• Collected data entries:
[Start of Attachment]
(* In the elliptically symmetric deformation model $p(\bm x,\bm\theta)=|\Lambda|g(\|\Lambda(\bm x-\bm\mu)\|)$ (with $f(\bm z)=g(\|\bm z\|)$ having mean $0$ and covariance $I$, $\Lambda$ symmetric positive definite), let $\bm x_1,\dots,\bm x_n$ ($n\ge d$) be observations such that the sample covariance $\hat\Sigma=\frac1n\sum_{t=1}^n(\bm x_t-\bar{\bm x})(\bm x_t-\bar{\bm x})^\top$, $\bar{\bm x}=\frac1n\sum_t\bm x_t$, is positive definite. Then the Wasserstein estimator $\hat{\bm\theta}_W=(\hat{\bm\mu}_W,\hat\Lambda_W)$, i.e. the solution with $\Lambda$ symmetric positive definite of the estimating equations $\frac1n\sum_{t=1}^n S^W_k(\bm x_t,\bm\theta)=0$ for all Wasserstein scores $S^W_k$ (for all $\mu_i$ and all $\Lambda_{ij}$), is $$\hat{\bm\mu}_W=\bar{\bm x},\qquad \hat\Lambda_W=\hat\Sigma^{-1/2},$$ irrespective of the waveform $g$.
   Context: The Wasserstein score $S^W_i$ for a parameter $\theta_i$ of a family $p(\bm x,\bm\theta)$ is the solution of $\nabla_{\bm x}\cdot(p\nabla_{\bm x}S^W_i)=-\partial_{\theta_i}p$ with $\mathrm{E}_{\bm\theta}[S^W_i]=0$. For this model the scores are $S^W_{\mu_i}=x_i-\mu_i$ and, for $\Lambda_{ij}$, $S^W_{\Lambda_{ij}}=\tfrac12\bm x^\top A\bm x+\bm b^\top\bm x-\mathrm{E}_{\bm\theta}[\tfrac12\bm x^\top A\bm x+\bm b^\top\bm x]$ where $A$ is the symmetric solution of $\Lambda^2A+A\Lambda^2=-\frac12(L+L^\top)$, $L=\Lambda\bm e_i\bm e_j^\top+\bm e_i\bm e_j^\top\Lambda$, and $\bm b=-A\bm\mu$. $\hat\Sigma^{-1/2}$ is the symmetric positive definite inverse square root. *)

From HB Require Import structures.
From mathcomp Require Import all_boot all_order all_algebra.
From mathcomp Require Import all_classical all_reals all_analysis.
Set Implicit Arguments. Unset Strict Implicit. Unset Printing Implicit Defensive.
Import Order.TTheory GRing.Theory Num.Theory.
Local Open Scope ring_scope.

Definition spd (R : realType) (d : nat) (M : 'M[R]_d) : Prop :=
  M^T = M /\ forall v : 'cV[R]_d, v != 0 -> 0 < (v^T *m M *m v) 0 0.

Definition spd_inv_sqrt (R : realType) (d : nat) (M S : 'M[R]_d) : Prop :=
  spd S /\ S *m S *m M = 1%:M.

Definition sample_mean (R : realType) (d n : nat) (x : 'I_n -> 'cV[R]_d)
  : 'cV[R]_d := (n%:R)^-1 *: \sum_(t < n) x t.

Definition sample_cov (R : realType) (d n : nat) (x : 'I_n -> 'cV[R]_d)
  : 'M[R]_d :=
  (n%:R)^-1 *: \sum_(t < n)
     ((x t - sample_mean x) *m (x t - sample_mean x)^T).

Definition zvec (R : realType) (dT : measure_display) (T : measurableType dT)
  (P : probability T R) (d : nat) (z : 'I_d -> {RV P >-> R}) (w : T)
  : 'cV[R]_d := \col_i (z i w).

(* E_theta[h(x)] where x = mu + Lambda^{-1} z has density
   |Lambda| f(Lambda (x - mu)), z ~ f. *)
Definition model_expect (R : realType) (dT : measure_display) (T : measurableType dT)
  (P : probability T R) (d : nat) (z : 'I_d -> {RV P >-> R})
  (mu : 'cV[R]_d) (Lam : 'M[R]_d) (h : 'cV[R]_d -> R) : R :=
  fine ('E_P[fun w => h (mu + invmx Lam *m zvec z w)%R])%E.

Definition score_mu (R : realType) (d : nat) (i : 'I_d) (mu x : 'cV[R]_d) : R :=
  x i 0 - mu i 0.

Definition Lmat (R : realType) (d : nat) (Lam : 'M[R]_d) (i j : 'I_d) : 'M[R]_d :=
  Lam *m delta_mx i j + delta_mx i j *m Lam.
[End of Attachment]
• WHAT IS EXPECTED: Going back to the entries above, set down exactly the lines that begin at the one with "(n%:R)^-1 *: \sum_(t < n) x t." and end at the one with "Definition zvec (R", both included, and nothing else.

• EXERCISE ANSWER:
  : 'cV[R]_d := (n%:R)^-1 *: \sum_(t < n) x t.

Definition sample_cov (R : realType) (d n : nat) (x : 'I_n -> 'cV[R]_d)
  : 'M[R]_d :=
  (n%:R)^-1 *: \sum_(t < n)
     ((x t - sample_mean x) *m (x t - sample_mean x)^T).

Definition zvec (R : realType) (dT : measure_display) (T : measurableType dT)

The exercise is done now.